If there is an error when updating the solver properties, such as when the provided travel mode references properties that don't exist on the current network dataset or references properties that are no longer applicable to the network dataset that was used to create the network analyst layer corresponding to the solver properties object, no exceptions are raised. The method will execute successfully, but you will get errors when you try to solve such a network analyst layer.
If the travel_mode parameter does not reference a travel mode object or a string, a TypeError exception is raised. If the travel_mode parameter references a string and the string cannot be internally converted to a valid string representation of a travel mode object, a ValueError exception is raised.
Muestra de código
LocationAllocationSolverProperties example 1 (Python window)
The script shows how to update the problem type of a location-allocation network analysis layer to Minimize Facilities and set a power impedance transformation with an impedance parameter of 2. It assumes that a location-allocation layer called Stores Coverage has been created in a new map document based on the tutorial network dataset for San Francisco region.
#Get the location-allocation layer object from a layer named "Stores Coverage" in
#the table of contents
laLayer = arcpy.mapping.Layer("Stores Coverage")
#Get the solver properties object from the location-allocation layer
solverProps = arcpy.na.GetSolverProperties(laLayer)
#Update the properties for the location-allocation layer using the solver properties
#object
solverProps.problemType = "MINIMIZE_FACILITIES"
solverProps.impedanceTransformation = "POWER"
solverProps.impedanceParameter = 2
LocationAllocationSolverProperties example 2 (workflow)
The script shows how to choose optimal store locations that would generate the most business for a retail chain using location-allocation analysis. The script first creates a new location-allocation layer with appropriate analysis settings. As a next step, the candidate store locations and the block group centroids are loaded as facilities and demand points, respectively. The analysis is solved and saved to a layer file. Two subsequent analyses are performed by modifying the analysis properties using the LocationAllocationSolverProperties object. After each solve, the layer is stored as a layer file. The script uses the tutorial data for the San Francisco region. The detailed description of the scenario is available as part of exercise 9 in the Network Analyst tutorial. While the tutorial walks you through this scenario using the ArcMap user interface, the script provides an example of how the same scenario can be automated using a Python script.
import arcpy
#Set up the environment
arcpy.env.overwriteOutput = True
arcpy.env.workspace = "C:/data/SanFrancisco.gdb"

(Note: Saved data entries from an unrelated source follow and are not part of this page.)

(* Let $p\in(0,1)$, let $X,\gamma$ satisfy the standing assumptions in the context, and let $0\le x_0<\mathbb E[\gamma X]$. Let $q=\inf\{\mathrm{VaR}_p(g(X)):g\in\mathcal G_{\rm ns}\}$ and assume $q>0$ and $\mathbb P\big((X-q)\gamma\le\mathrm{VaR}_p((X-q)\gamma)\big)=p$. Then the problem of minimizing $\mathrm{VaR}_p(g(X))$ over $g\in\mathcal G_{\rm ns}$ admits a $\mathbb P$-a.s. unique solution, given by $g_X(X)=X\mathds 1_{\{(X-q)\gamma>c\}}+(X\wedge q)\mathds 1_{\{(X-q)\gamma\le c\}}$, where $c=\mathrm{VaR}_p((X-q)\gamma)$.
   Context: $(\Omega,\mathcal F,\mathbb P)$ is atomless. $\mathrm{VaR}_p(Y)=\inf\{x:\mathbb P(Y\le x)\ge p\}$. Standing assumptions: $X\ge0$ is a random variable whose distribution has a positive density on its support; $\gamma:\mathbb R\to\mathbb R$ is continuous and strictly positive; $\gamma$ also denotes $\gamma(X)$; $\mathbb E[\gamma]=1$, $\mathbb E[\gamma X]<\infty$. With $\mathcal G_1$ the measurable functions $\mathbb R\to\mathbb R$, $\mathcal G_{\rm ns}=\{g\in\mathcal G_1:\mathbb E[\gamma g(X)]\ge x_0,\ 0\le g(X)\le X\}$. *)

From HB Require Import structures.
From mathcomp Require Import all_boot all_order all_algebra.
From mathcomp Require Import all_classical all_reals all_analysis.
Set Implicit Arguments. Unset Strict Implicit. Unset Printing Implicit Defensive.
Import Order.TTheory GRing.Theory Num.Theory.
Import numFieldNormedType.Exports.
Local Open Scope classical_set_scope.
Local Open Scope ring_scope.

Definition atomless d (T : measurableType d) (R : realType)
  (P : probability T R) : Prop :=
  forall A : set T, measurable A -> (0 < P A)%E ->
    exists2 B : set T, measurable B & B `<=` A /\ (0 < P B)%E /\ (P B < P A)%E.

Definition law_support d (T : measurableType d) (R : realType)
  (P : probability T R) (X : T -> R) : set R :=
  [set x | forall e : R, 0 < e -> (0 < P (X @^-1` ball x e))%E].

Definition has_pos_density_on_support d (T : measurableType d) (R : realType)
  (P : probability T R) (X : T -> R) : Prop :=
  exists f : R -> R,
    measurable_fun setT f /\ (forall x, 0 <= f x) /\
    (forall A : set R, measurable A ->
        P (X @^-1` A) = (\int[lebesgue_measure]_(x in A) (f x)%:E)%E) /\
    (forall x, law_support P X x -> 0 < f x).

Definition VaR d (T : measurableType d) (R : realType)
  (P : probability T R) (p : R) (Y : T -> R) : R :=
  inf [set x : R | (p%:E <= P [set w | (Y w <= x)%R])%E].

Definition G_ns d (T : measurableType d) (R : realType)
  (P : probability T R) (X : T -> R) (gamma : R -> R) (x0 : R) : set (R -> R) :=
  [set g | measurable_fun setT g /\
           (x0%:E <= 'E_P[fun w => (gamma (X w) * g (X w))%R])%E /\
           (forall w, (0 <= g (X w) <= X w)%R)].

From HB Require Import structures.
From mathcomp Require Import all_boot all_order all_algebra.
From mathcomp Require Import all_classical all_reals all_analysis.
From mathcomp Require Import measurable_realfun lra.
Import Order.TTheory GRing.Theory Num.Theory.
Import numFieldNormedType.Exports.
Local Open Scope classical_set_scope.
Local Open Scope ring_scope.
Set Implicit Arguments.
Unset Strict Implicit.
Unset Printing Implicit Defensive.

(* Lagrangian argument.  Write [Z = gamma X] and [g_k = capped_transfer k],
   so that [g_q] is the paper's [g_X].  For [k < q], VaR_p(g_k(X)) <= k < q,
   so [g_k] violates the budget; letting [k] tend to [q] gives
   [E[Z g_q(X)] <= x0], hence [c >= 0] (for [c < 0], [g_q(X) = X]).  Then,
   pointwise, [g_q x] maximises [y |-> Z y + c 1{y <= q}] over [0 <= y <= x],
   and raising the level from [q] to [v >= q] gains at most [(v - q) Z]; in
   expectation, every feasible [g] satisfies
     E[Z g(X)] + c P(g(X) <= v) <= E[Z g_q(X)] + c p + (v - q).
   Feasible [g] with VaR_p(g(X)) < q + e give [x0 <= E[Z g_q(X)]], so [g_q]
   is feasible with VaR_p(g_q(X)) <= q, i.e. optimal.  For an optimal [g] the
   integrated inequality at [v = q] is an equality, so the pointwise one is an
   equality a.s.; its equality cases and [P(g(X) <= q) >= p = P(g_q(X) <= q)]
   give [g(X) = g_q(X)] a.s. *)

Lemma measurable_sublevel_set d (T : measurableType d) (R : realType)
    (Y : T -> R) (v : R) :
  measurable_fun setT Y -> measurable [set w | Y w <= v].
Proof.
move=> mY; rewrite -[X in measurable X]setTI.
exact: mY measurableT _ (measurable_itv `]-oo, v]).
Qed.
Lemma closed_neighbours_P (S : {set {set T}}) C0 : S \subset P -> C0 \in S ->
  (forall C, C \in S -> neighbours C \subset S) -> P \subset S.
Proof.
move=> /subsetP SP C0S Sclosed; have [x0 x0C0] := P_neq0 (SP _ C0S).
have Sx y : cluster y \in S.
  have /connectP[p pe ->] := e_connected x0 y.
  have : cluster x0 \in S by rewrite (cluster_def (SP _ C0S) x0C0).
  elim: p x0 pe {x0C0} => // z p IHp x /= /andP[exz pz] xS; apply: IHp pz _.
  have [<- // | xz] := eqVneq (cluster x) (cluster z).
  exact: subsetP (Sclosed _ xS) _ (neighbours_edge exz xz).
by apply/subsetP => C CP; have [x xC] := P_neq0 CP; rewrite -(cluster_def CP xC).
Qed.

Lemma cdeg_gt0 C : C \in P -> 0 < cdeg C.
Proof.
move=> CP; rewrite lt0n; apply/negP => /eqP deg0.
have : P \subset [set C].
  apply: closed_neighbours_P; rewrite ?sub1set ?inE // => D /set1P ->.
  have : #|neighbours C| <= 0 by rewrite -deg0 card_neighbours_le.
  by rewrite leqn0 cards_eq0 => /eqP ->; rewrite sub0set.
by move/subset_leq_card; rewrite cards1 leqNgt P_card.
Qed.

Lemma neighbour_mem C D : D \in neighbours C -> neighbour C \in neighbours C.
Proof. by rewrite /neighbour; case: pickP => [D' -> | /(_ D) ->]. Qed.

Lemma neighbourP C : C \in P -> neighbour C \in neighbours C.
Proof.
move=> CP; have := cdeg_gt0 CP; rewrite card_gt0 => /set0Pn[p pC].
exact: (neighbour_mem (imset_f _ pC)).
Qed.

Lemma neighbour_unique C D : cdeg C = 1 -> D \in neighbours C -> D = neighbour C.
Proof.
move=> deg1 CD; have : #|neighbours C| <= 1 by rewrite -deg1 card_neighbours_le.
by move/card_le1_eqP; apply => //; apply: neighbour_mem CD.
Qed.

Lemma nedgesC X Y : nedges X Y = nedges Y X.
Proof.
have swap_inj : injective (fun p : T * T => (p.2, p.1)) by move=> [? ?] [? ?] [-> ->].
suff le A B : nedges A B <= nedges B A by apply/eqP; rewrite eqn_leq !le.
rewrite /nedges -(card_imset (edges A B) swap_inj); apply/subset_leq_card/subsetP.
move=> _ /imsetP[[u v] + ->].
by rewrite !inE /= e_sym eq_sym => /andP[/andP[/andP[-> ->] ->] ->].
Qed.

Lemma nedgesSr X Y1 Y2 : Y1 \subset Y2 -> nedges X Y1 <= nedges X Y2.
Proof.
move=> /subsetP Y12; apply/subset_leq_card/subsetP => p.
by rewrite !inE => /andP[/andP[/andP[-> ->] /Y12 ->] ->].
Qed.

Lemma nedgesSl X1 X2 Y : X1 \subset X2 -> nedges X1 Y <= nedges X2 Y.
Proof. by rewrite !(nedgesC _ Y); apply: nedgesSr. Qed.

Lemma edgesUr X Y1 Y2 : edges X (Y1 :|: Y2) = edges X Y1 :|: edges X Y2.
Proof.
apply/setP => p; rewrite !inE.
by case: (e _ _) (cluster p.1 \in X) (cluster p.2 \in Y1) (cluster p.2 \in Y2) (_ != _)
  => [] [] [] [] [].
Qed.

Lemma nedgesUr X Y1 Y2 : nedges X (Y1 :|: Y2) <= nedges X Y1 + nedges X Y2.
Proof. by rewrite /nedges edgesUr leq_card_setU. Qed.

Lemma nedgesUl X1 X2 Y : nedges (X1 :|: X2) Y <= nedges X1 Y + nedges X2 Y.
Proof. by rewrite !(nedgesC _ Y) nedgesUr. Qed.

Lemma nedgesUr_disjoint X Y1 Y2 : [disjoint Y1 & Y2] ->
  nedges X (Y1 :|: Y2) = nedges X Y1 + nedges X Y2.
Proof.
move=> Y12; rewrite /nedges edgesUr cardsU disjoint_setI0 ?cards0 ?subn0 //.
rewrite disjoints_subset; apply/subsetP => p; rewrite !inE => /andP[/andP[_ pY1] _].
by rewrite (disjointFr Y12 pY1) !andbF.
Qed.

Lemma nedgesUl_disjoint X1 X2 Y : [disjoint X1 & X2] ->
  nedges (X1 :|: X2) Y = nedges X1 Y + nedges X2 Y.
Proof. by move=> X12; rewrite !(nedgesC _ Y) nedgesUr_disjoint. Qed.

arcpy.CheckOutExtension("network")
#Set up variables
networkDataset = "Transportation/Streets_ND"
outNALayerName = "NewStoreLocations"
inFacilities = "Analysis/CandidateStores"
requiredFacility = "Analysis/ExistingStore"
competitorFacility = "Analysis/CompetitorStores"
inDemandPoints = "Analysis/TractCentroids"
outputFolder = "C:/data/output/"
#Create a new location-allocation layer. In this case the demand travels to
#the facility. We wish to find 3 potential store locations out of all the
#candidate store locations using the maximize attendance model.
outNALayer = arcpy.na.MakeLocationAllocationLayer(networkDataset, outNALayerName,
"TravelTime","DEMAND_TO_FACILITY",
"MAXIMIZE_ATTENDANCE",3,5,
"LINEAR")
#Get the layer object from the result object. The location-allocation layer
#can now be referenced using the layer object.
outNALayer = outNALayer.getOutput(0)
#Get the names of all the sublayers within the location-allocation layer.
subLayerNames = arcpy.na.GetNAClassNames(outNALayer)
#Stores the layer names that we will use later
facilitiesLayerName = subLayerNames["Facilities"]
demandPointsLayerName = subLayerNames["DemandPoints"]
#Load the candidate store locations as facilities using default search
#tolerance and field mappings.
arcpy.na.AddLocations(outNALayer, facilitiesLayerName, inFacilities, "", "",
exclude_restricted_elements = "EXCLUDE")
#Load the tract centroids as demand points using default search tolerance. Use
#the field mappings to map the Weight property from POP2000 field.
demandFieldMappings = arcpy.na.NAClassFieldMappings(outNALayer,
demandPointsLayerName)
demandFieldMappings["Weight"].mappedFieldName = "POP2000"
arcpy.na.AddLocations(outNALayer,demandPointsLayerName ,inDemandPoints,
demandFieldMappings, "",
exclude_restricted_elements = "EXCLUDE")
#Solve the location-allocation layer
arcpy.na.Solve(outNALayer)
#Save the solved location-allocation layer as a layer file on disk with
#relative paths
outLayerFile = outputFolder + outNALayerName + ".lyr"
arcpy.management.SaveToLayerFile(outNALayer,outLayerFile,"RELATIVE")
#We need to re-solve the previous scenario as a store-expansion scenario, in
#which we will start with an existing store and optimally locate two additional
#stores.
#Load the existing store location as the required facility. Use the field
#mappings to set the facility type to requried. We need to append this
#required facility to existing facilities.
fieldMappings = arcpy.na.NAClassFieldMappings(outNALayer, facilitiesLayerName)
fieldMappings["FacilityType"].defaultValue = 1
fieldMappings["Name"].mappedFieldName = "Name"
arcpy.na.AddLocations(outNALayer, facilitiesLayerName, requiredFacility,
fieldMappings, "", append = "APPEND",
exclude_restricted_elements = "EXCLUDE")
#Solve the location-allocation layer
arcpy.na.Solve(outNALayer)
#Save the solved location-allocation layer as a layer file on disk with
#relative paths
updatedNALayerName = "StoreExpansionScenario"
outNALayer.name = updatedNALayerName
outLayerFile = outputFolder + updatedNALayerName + ".lyr"
arcpy.management.SaveToLayerFile(outNALayer,outLayerFile,"RELATIVE")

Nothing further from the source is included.